Relocation is performed automatically without any administrator intervention.

High availability cluster requirements


In the current VMmanager version, you can create a high availability cluster under the following conditions:

  • license type — VMmanager-infrastructure;
  • virtualization type — KVM;
  • storage type — Ceph or SAN; 

    HA cluster testing with Ceph storage was not performed.

  • AlmaLinux 8 or CentOS 7 is installed on the cluster nodes;
  • the cluster includes at least three and no more than 24 nodes;
  • exactly one storage device is connected to the cluster;
  • system time on all nodes must be synchronized.

Note

The functionality of an HA cluster with the IP-fabric network configuration type has a number of limitations. For example, a server with a platform cannot be migrated to a VM in such a cluster.

Operating logic


Services used

VMmanager uses the following to manage a high availability cluster:

  • Corosync software with Kronosnet network technology;
  • own ha-agent service;
  • own hawatch microservice.

The platform runs the ha-agent service on each cluster node. The ha-agent services communicate with each other using the Corosync software. Corosync algorithms assign one of the ha-agent services as the master. In the future, the platform interacts only with this service using hawatch.

Master selection procedure

Selection of the master takes place in the following situations:

  • when high availability system is enabled in the cluster;
  • when the current master goes out of service;
  • when the HA cluster configuration is changed;
  • when the HA cluster version is updated.

For the selection to be successful, it must involve (N/2 + 1) nodes, where N is the total number of nodes in the cluster. The value (N/2 + 1) should be rounded down to an integer. For example, in a cluster with two nodes, both nodes must participate, in a cluster with 17 nodes, 9 nodes are required. If there are fewer serviceable nodes in the cluster than necessary, the selection procedure will not start. If there are more nodes than necessary, only the nodes that were ready for the procedure earlier will participate in the selection. Corosync algorithms ensure that the information on the node readiness time is the same for all cluster members.

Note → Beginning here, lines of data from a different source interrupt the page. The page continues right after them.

Lemma curve_b : b = X * a ^+ (q ^ j).
Proof.
rewrite exprMn exprVn -exprM -expnD (addnC k) exprQ.
by field; rewrite !expf_neq0.
Qed.

Lemma curve_bk : b ^+ (q ^ k) = Y * a.
Proof.
rewrite exprMn exprVn -exprM -expnD exprQ.
by field; rewrite !expf_neq0.
Qed.

Lemma curve_aQ : a ^+ Q = (Y / X ^+ (q ^ k)) * a.
Proof.
have xkQ : (x ^+ (q ^ k)) ^+ Q = x ^+ (q ^ k) * X ^+ (q ^ k).
  by rewrite -exprM mulnC exprM exprQ exprMn.
rewrite exprMn exprVn xkQ (exprQ y).
by field; rewrite !expf_neq0.
Qed.

(* Applying T |-> T^q - T to the curve. *)
Lemma curve_aj : 1 - X != 0 -> a ^+ (q ^ j) = ((1 - Y) / (1 - X)) * a.
Proof.
move=> X1; have := congr1 (fun t => t ^+ q - t) curve.
rewrite /= frobDq // opprD addrACA !trq_tele //.
rewrite expr1n subrr curve_bk curve_b => E.
have E2 : a ^+ (q ^ j) * (1 - X) = a * (1 - Y).
  by apply/eqP; rewrite -subr_eq0 -E; apply/eqP; ring.
by apply: (mulIf X1); rewrite E2; field; rewrite X1 expf_neq0.
Qed.

(* The element u with Tr_k(u) = a - c and Tr_j(u) = -b (in the paper c = 1/j). *)
Section Parametrization.
Variables (u c : L).
Hypotheses (Hu1 : a = trq q k u + c) (Hu2 : b = - trq q j u).

Section Forward.
Variable P : L -> Prop.
Hypotheses (HP : subfield_closed P) (cop : coprime j k) (X1 : 1 - X != 0).
Hypotheses (PX : P X) (PY : P Y) (Pc : P c).

Lemma curve_frob_ratio m : frob_ratio q P a m.
Proof.
apply: (frob_ratio_all HP curve_a_neq0 cop).
  exists ((1 - Y) / (1 - X)); last exact: curve_aj.
  by apply: subfield_div => //; apply: subfieldB => //; apply: subfield1.
exists (Y / X ^+ (q ^ k)); last exact: curve_aQ.
by apply: subfield_div => //; apply: subfieldX.
Qed.

(* The curve expresses 1 as a P-multiple of a, so a is in P. *)
Lemma curve_Pa_of_XY : P a.
Proof.
have [R1 P1 E1] : exists2 R, P R & trq q j a = R * a.
  by apply: sum_multiple => // i; apply: curve_frob_ratio.
have [R2 P2 E2] : exists2 R, P R & trq q k b = R * a.
  apply: sum_multiple => // i; have [r Pr Er] := curve_frob_ratio (j + i).
  exists (X ^+ (q ^ i) * r); first by apply: subfieldM => //; apply: subfieldX.
  by rewrite curve_b exprMn frob_comp Er (mulrA (X ^+ _)).
have R_a : (R1 + R2) * a = 1 by rewrite mulrDl -E1 -E2.
have R0 : R1 + R2 != 0 by apply: contra_eq_neq R_a => ->; rewrite mul0r eq_sym oner_neq0.
have -> : a = (R1 + R2)^-1 by apply: (mulfI R0); rewrite R_a mulfV.
by apply: subfieldV => //; apply: subfieldD.
Qed.

(* Tr_j(u) = -b and Tr_k(u) = a - c lie in P, and gcd(j, k) = 1. *)
Lemma curve_Pu_of_XY : P u.
Proof.
have Pa := curve_Pa_of_XY.
have Pb : P b by rewrite curve_b; apply: subfieldM => //; apply: subfieldX.
apply: (trq_coprime hq HP cop).
  by rewrite -[trq _ _ _]opprK -Hu2; apply: subfieldN.
by rewrite -(addrK c (trq q k u)) -Hu1; apply: subfieldB.
Qed.

End Forward.

Section Backward.
Variable P : L -> Prop.
Hypotheses (HP : subfield_closed P) (Pu : P u) (Pc : P c).

Lemma curve_Pa_of_u : P a.
Proof. by rewrite Hu1; apply: subfieldD => //; apply: subfield_trq. Qed.

Lemma curve_Pb_of_u : P b.
Proof. by rewrite Hu2; apply: subfieldN => //; apply: subfield_trq. Qed.

Lemma curve_PY_of_u : P Y.
Proof.
have -> : Y = b ^+ (q ^ k) / a by rewrite curve_bk mulfK // curve_a_neq0.
have [Pa Pb] := (curve_Pa_of_u, curve_Pb_of_u).
by apply: subfield_div => //; apply: subfieldX.
Qed.

Lemma curve_PX_of_u : P X.
Proof.
have -> : X = b / a ^+ (q ^ j) by rewrite curve_b mulfK // expf_neq0 // curve_a_neq0.
have [Pa Pb] := (curve_Pa_of_u, curve_Pb_of_u).
by apply: subfield_div => //; apply: subfieldX.
Qed.

End Backward.
End Parametrization.
End BasicCurve.

Section Transcendental.
Variables (K L : fieldType) (iota : {rmorphism K -> L}) (x : L).
Hypothesis htr : transcendental_over iota x.

Lemma transcendental_neq0 : x != 0.
Proof. by have := htr (negbT (@polyX_eq0 K)); rewrite map_polyX hornerX. Qed.

Lemma transcendental_expn_neq1 m : (0 < m)%N -> 1 - x ^+ m != 0.
Proof.
move=> m_gt0; have P0 : (1 - 'X ^+ m : {poly K}) != 0.
  apply: contra_neq (oner_neq0 K) => /(congr1 (horner^~ 0)).
  by rewrite /= !hornerE expr0n eqn0Ngt m_gt0 subr0.
by have := htr P0; rewrite rmorphB rmorph1 /= map_polyXn !hornerE.
Qed.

When selecting a master, each of the selecting nodes uses a special algorithm to calculate its priority and informs the rest of the cluster members about it. The node with the highest priority is assigned as the master. After assigning a master, the cluster will start in high availability mode.

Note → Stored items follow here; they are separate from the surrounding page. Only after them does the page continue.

(* Let $n\ge 2$, let $\rho>0$ and let $d_1,\dots,d_n>0$. Let $W=(w_{ij})$ be the $n\times n$ matrix with $w_{ij}=1/d_{\min(i,j)}$, let $\mathbf 1\in\mathbb R^n$ be the column vector of ones, and set $M=W-\frac{1}{\rho}\mathbf 1\mathbf 1^T$. If there exist indices $j<k$ with $d_k>d_j$, then $M$ is not positive semidefinite.
   Context: Interpretation: $d_i$ is the density of the cargo placed in the $i$-th position from the bottom of a vessel and $\rho$ is the water density; the hypothesis says some cargo is placed above a cargo of lower density. *)

From HB Require Import structures.
From mathcomp Require Import all_boot all_order all_algebra.
Set Implicit Arguments. Unset Strict Implicit. Unset Printing Implicit Defensive.
Import Order.TTheory GRing.Theory Num.Theory.
Local Open Scope ring_scope.

Definition psd (R : realFieldType) (n : nat) (A : 'M[R]_n) : Prop :=
  A^T = A /\ forall x : 'cV[R]_n, 0 <= (x^T *m A *m x) ord0 ord0.

Definition Wmat (R : realFieldType) (n : nat) (d : 'I_n -> R) : 'M[R]_n :=
  \matrix_(i, j) (d (if (i <= j)%N then i else j))^-1.

Definition Mmat (R : realFieldType) (n : nat) (rho : R) (d : 'I_n -> R) : 'M[R]_n :=
  Wmat d - rho^-1 *: (const_mx 1 *m (const_mx 1 : 'rV[R]_n)).

From HB Require Import structures.
From mathcomp Require Import all_boot all_order all_algebra.
From mathcomp Require Import lra.
Set Implicit Arguments. Unset Strict Implicit. Unset Printing Implicit Defensive.
Import Order.TTheory GRing.Theory Num.Theory.
Local Open Scope ring_scope.

(* Test the quadratic form on x = e_j - e_k.  Since 1^T x = 0 the rank-one
   part of M drops out, and W contributes
   1/d_j - 2/d_j + 1/d_k = 1/d_k - 1/d_j, which is negative when d_j < d_k. *)

Lemma mulmx_delta_quad (R : pzRingType) (n : nat) (A : 'M[R]_n) (i l : 'I_n) :
  (delta_mx i (0 : 'I_1) : 'cV[R]_n)^T *m A *m delta_mx l (0 : 'I_1) = const_mx (A i l).
Proof.
apply/matrixP=> a b; rewrite !ord1.
by rewrite trmx_delta -rowE -colE !mxE.
Qed.

Lemma psd_entries_le (R : realFieldType) (n : nat) (A : 'M[R]_n) (j k : 'I_n) :
  psd A -> A j k + A k j <= A j j + A k k.
Proof.
move=> [_ qA_ge0].
have := qA_ge0 (delta_mx j (0 : 'I_1) - delta_mx k 0).
rewrite (linearB (@trmx R n 1)) /= !(mulmxBl, mulmxBr) !mulmx_delta_quad !mxE.
move=> q_ge0; lra.
Qed.

Lemma Mmat_entry (R : realFieldType) (n : nat) (rho : R) (d : 'I_n -> R) (i l : 'I_n) :
  Mmat rho d i l = (d (if (i <= l)%N then i else l))^-1 - rho^-1.
Proof. by rewrite !mxE big_ord1 !mxE !mulr1. Qed.

Theorem mainTheorem2 (R : realFieldType) (n : nat) (rho : R) (d : 'I_n -> R) :
  (2 <= n)%N -> 0 < rho -> (forall i, 0 < d i) ->
  (exists j k : 'I_n, (j < k)%N /\ d j < d k) ->
  ~ psd (Mmat rho d).
Proof.
move=> _ _ d_gt0 [j [k [lt_jk lt_djk]]] /(psd_entries_le j k).
rewrite !Mmat_entry !leqnn (ltnW lt_jk) leqNgt lt_jk /=.
have : (d k)^-1 < (d j)^-1 by rewrite ltf_pV2 ?posrE.
lra.
Qed.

Nodes that were not ready at the start of master selection are joined to the cluster after the selection procedure is complete. When new nodes are added to the high availability cluster, the master is not reselected.

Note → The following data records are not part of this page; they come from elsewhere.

(* Let $E$ be a congruence on $\overline{\boldsymbol{T}(X_1,\ldots,X_n)}$, $F$ a congruence on $\overline{\boldsymbol{T}(Y_1,\ldots,Y_m)}$, $V:=\boldsymbol{V}(E)$, $W:=\boldsymbol{V}(F)$, $\pi_E$ the natural surjection onto $\overline{\boldsymbol{T}(X_1,\ldots,X_n)}/E$, and $\psi:\overline{\boldsymbol{T}(X_1,\ldots,X_n)}/E\to\overline{\boldsymbol{T}(Y_1,\ldots,Y_m)}/F$ a $\boldsymbol{T}$-algebra homomorphism; let $\theta:W\to\boldsymbol{T}^n$, $y\mapsto(\psi(\pi_E(X_1))(y),\ldots,\psi(\pi_E(X_n))(y))$. If $\psi$ is an isomorphism, then $V$ and $W$ are homeomorphic via $\theta$.
   Context: $\boldsymbol{T}=\mathbb{R}\cup\{-\infty\}$ with $a\oplus b=\max\{a,b\}$, $a\odot b=a+b$. $\overline{\boldsymbol{T}[X_1,\ldots,X_n]}$ is the tropical polynomial semiring modulo identifying polynomials defining the same function $\boldsymbol{T}^n\to\boldsymbol{T}$; it is cancellative and $\overline{\boldsymbol{T}(X_1,\ldots,X_n)}$ is its semifield of fractions ($X_i$ denoting the image of the variable). Each element defines a function $\mathbb{R}^n\to\boldsymbol{T}$ (quotients evaluated as differences). $\boldsymbol{T}$-algebras are semirings with a semiring homomorphism from $\boldsymbol{T}$; homomorphisms are compatible semiring homomorphisms, isomorphisms the bijective ones. A congruence is an equivalence relation compatible with both operations. $\boldsymbol{V}(E)=\{x\in\mathbb{R}^n\mid f(x)=g(x)\ \forall(f,g)\in E\}$; an element of the quotient by $F$ is evaluated at points of $\boldsymbol{V}(F)$ via any representative (well defined). Subsets of $\mathbb{R}^n$, $\mathbb{R}^m$ carry the Euclidean topology. *)

From HB Require Import structures.
From mathcomp Require Import all_boot all_order all_algebra.
From mathcomp Require Import all_classical all_reals all_analysis.
Set Implicit Arguments. Unset Strict Implicit. Unset Printing Implicit Defensive.
Import Order.TTheory GRing.Theory Num.Theory.
Import numFieldNormedType.Exports.
Local Open Scope classical_set_scope.
Local Open Scope ring_scope.

(* T = R ∪ {-oo} is modelled inside \bar R (the value +oo never occurs). *)

(* A tropical polynomial in n variables with real (finite) coefficients:
   a finite list of monomials c ⊙ X^a (monomials with coefficient -oo are
   simply omitted; the empty list is the -oo polynomial). *)
Definition tpoly (R : realType) (n : nat) := seq (R * ('I_n -> nat)).

Definition peval (R : realType) (n : nat) (p : tpoly R n) (x : 'rV[R]_n) : \bar R :=
  \big[maxe/-oo%E]_(t <- p) (t.1 + \sum_(i < n) (t.2 i)%:R * x ord0 i)%:E.

(* Elements of the semifield  \overline{T(X_1..X_n)}  are identified with the
   functions R^n -> T they define: quotients p/q (q <> -oo) evaluated as
   differences p(x) - q(x). *)
Definition is_tfrac (R : realType) (n : nat) (h : 'rV[R]_n -> \bar R) : Prop :=
  exists (p q : tpoly R n), q <> [::] /\ forall x, h x = (peval p x - peval q x)%E.

Definition toplus (R : realType) (n : nat) (f g : 'rV[R]_n -> \bar R) :=
  fun x => maxe (f x) (g x).
Definition totimes (R : realType) (n : nat) (f g : 'rV[R]_n -> \bar R) :=
  fun x => (f x + g x)%E.
Definition tconst (R : realType) (n : nat) (c : \bar R) : 'rV[R]_n -> \bar R :=
  fun _ => c.
Definition tvar (R : realType) (n : nat) (i : 'I_n) : 'rV[R]_n -> \bar R :=
  fun x => (x ord0 i)%:E.

Definition is_T (R : realType) (c : \bar R) : Prop := c <> +oo%E.

Definition tcongruence (R : realType) (n : nat)
  (E : ('rV[R]_n -> \bar R) -> ('rV[R]_n -> \bar R) -> Prop) : Prop :=
  (forall f g, E f g -> is_tfrac f /\ is_tfrac g) /\
  [/\ (forall f, is_tfrac f -> E f f),
      (forall f g, E f g -> E g f),
      (forall f g h, E f g -> E g h -> E f h),
      (forall f g f' g', E f g -> E f' g' -> E (toplus f f') (toplus g g')) &
      (forall f g f' g', E f g -> E f' g' -> E (totimes f f') (totimes g g'))].

Definition tvariety (R : realType) (n : nat)
  (E : ('rV[R]_n -> \bar R) -> ('rV[R]_n -> \bar R) -> Prop) : set 'rV[R]_n :=
  [set x | forall f g, E f g -> f x = g x].

(* A T-algebra homomorphism  psi : T(X)/E -> T(Y)/F, given by a map Psi on
   representatives: psi (pi_E f) = pi_F (Psi f). *)
Definition tquot_hom (R : realType) (n m : nat)
  (E : ('rV[R]_n -> \bar R) -> ('rV[R]_n -> \bar R) -> Prop)
  (F : ('rV[R]_m -> \bar R) -> ('rV[R]_m -> \bar R) -> Prop)
  (Psi : ('rV[R]_n -> \bar R) -> ('rV[R]_m -> \bar R)) : Prop :=
  [/\ (forall f, is_tfrac f -> is_tfrac (Psi f)),
      (forall f g, E f g -> F (Psi f) (Psi g)),
      (forall f g, is_tfrac f -> is_tfrac g ->
         F (Psi (toplus f g)) (toplus (Psi f) (Psi g))),
      (forall f g, is_tfrac f -> is_tfrac g ->
         F (Psi (totimes f g)) (totimes (Psi f) (Psi g))) &
      (forall c, is_T c -> F (Psi (@tconst R n c)) (@tconst R m c))].

Definition tquot_iso (R : realType) (n m : nat)
  (E : ('rV[R]_n -> \bar R) -> ('rV[R]_n -> \bar R) -> Prop)
  (F : ('rV[R]_m -> \bar R) -> ('rV[R]_m -> \bar R) -> Prop)
  (Psi : ('rV[R]_n -> \bar R) -> ('rV[R]_m -> \bar R)) : Prop :=
  [/\ tquot_hom E F Psi,
      (forall f g, is_tfrac f -> is_tfrac g -> F (Psi f) (Psi g) -> E f g) &
      (forall h, is_tfrac h -> exists2 f, is_tfrac f & F (Psi f) h)].

(* theta : W -> T^n, y |-> (psi(pi_E X_1)(y), ..., psi(pi_E X_n)(y)),
   stored as the vector of finite parts (finiteness is asserted separately). *)
Definition ttheta (R : realType) (n m : nat)
  (Psi : ('rV[R]_n -> \bar R) -> ('rV[R]_m -> \bar R)) (y : 'rV[R]_m) : 'rV[R]_n :=
  \row_(i < n) fine (Psi (tvar i) y).

Definition homeo_via (R : realType) (m n : nat) (A : set 'rV[R]_m) (B : set 'rV[R]_n)
  (f : 'rV[R]_m -> 'rV[R]_n) : Prop :=
  exists g : 'rV[R]_n -> 'rV[R]_m,
    [/\ (forall y, A y -> B (f y) /\ g (f y) = y),
        (forall x, B x -> A (g x) /\ f (g x) = x),
        {within A, continuous f} &
        {within B, continuous g}].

Usually the selection procedure takes about 15 seconds.

Cluster node statuses

In a high availability cluster, nodes can assume the following statuses:

  • serviceable:
    • master — the node is serviceable and has been selected as the master;
    • participant — the node is serviceable;
  • non-serviceable:
    • network isolation — the node is not accessible via the network, but the node has access to the storage;
    • storage isolation — the node has no access to the storage, but remains accessible via the network;
    • full failure — the node is unavailable via the network and has no access to the storage;
  • special:
    • excluded from HA cluster — the node is unavailable via the network, but the check IP address is available on the node;
    • network unstable — the network connectivity is lost regularly for less than 15 seconds.

 

HA cluster operating scheme

Master — master node

Slave — participant nodes

Network storage — the cluster's network storage

Management network — the network used to manage cluster nodes

Case1 — example of “network isolation” status

Case2 — example of “storage isolation” status

Case3 — example of “full failure” status

Determining node status

The ha-agent service considers a node corrupted if it has lost connectivity with other nodes in the cluster and/or connected storage. Connectivity is verified using Corosync algorithms. Additionally, cluster nodes write information about their status to a file on the storage server. Status is updated once every three seconds. If the status information is not updated, the master will identify the node as damaged.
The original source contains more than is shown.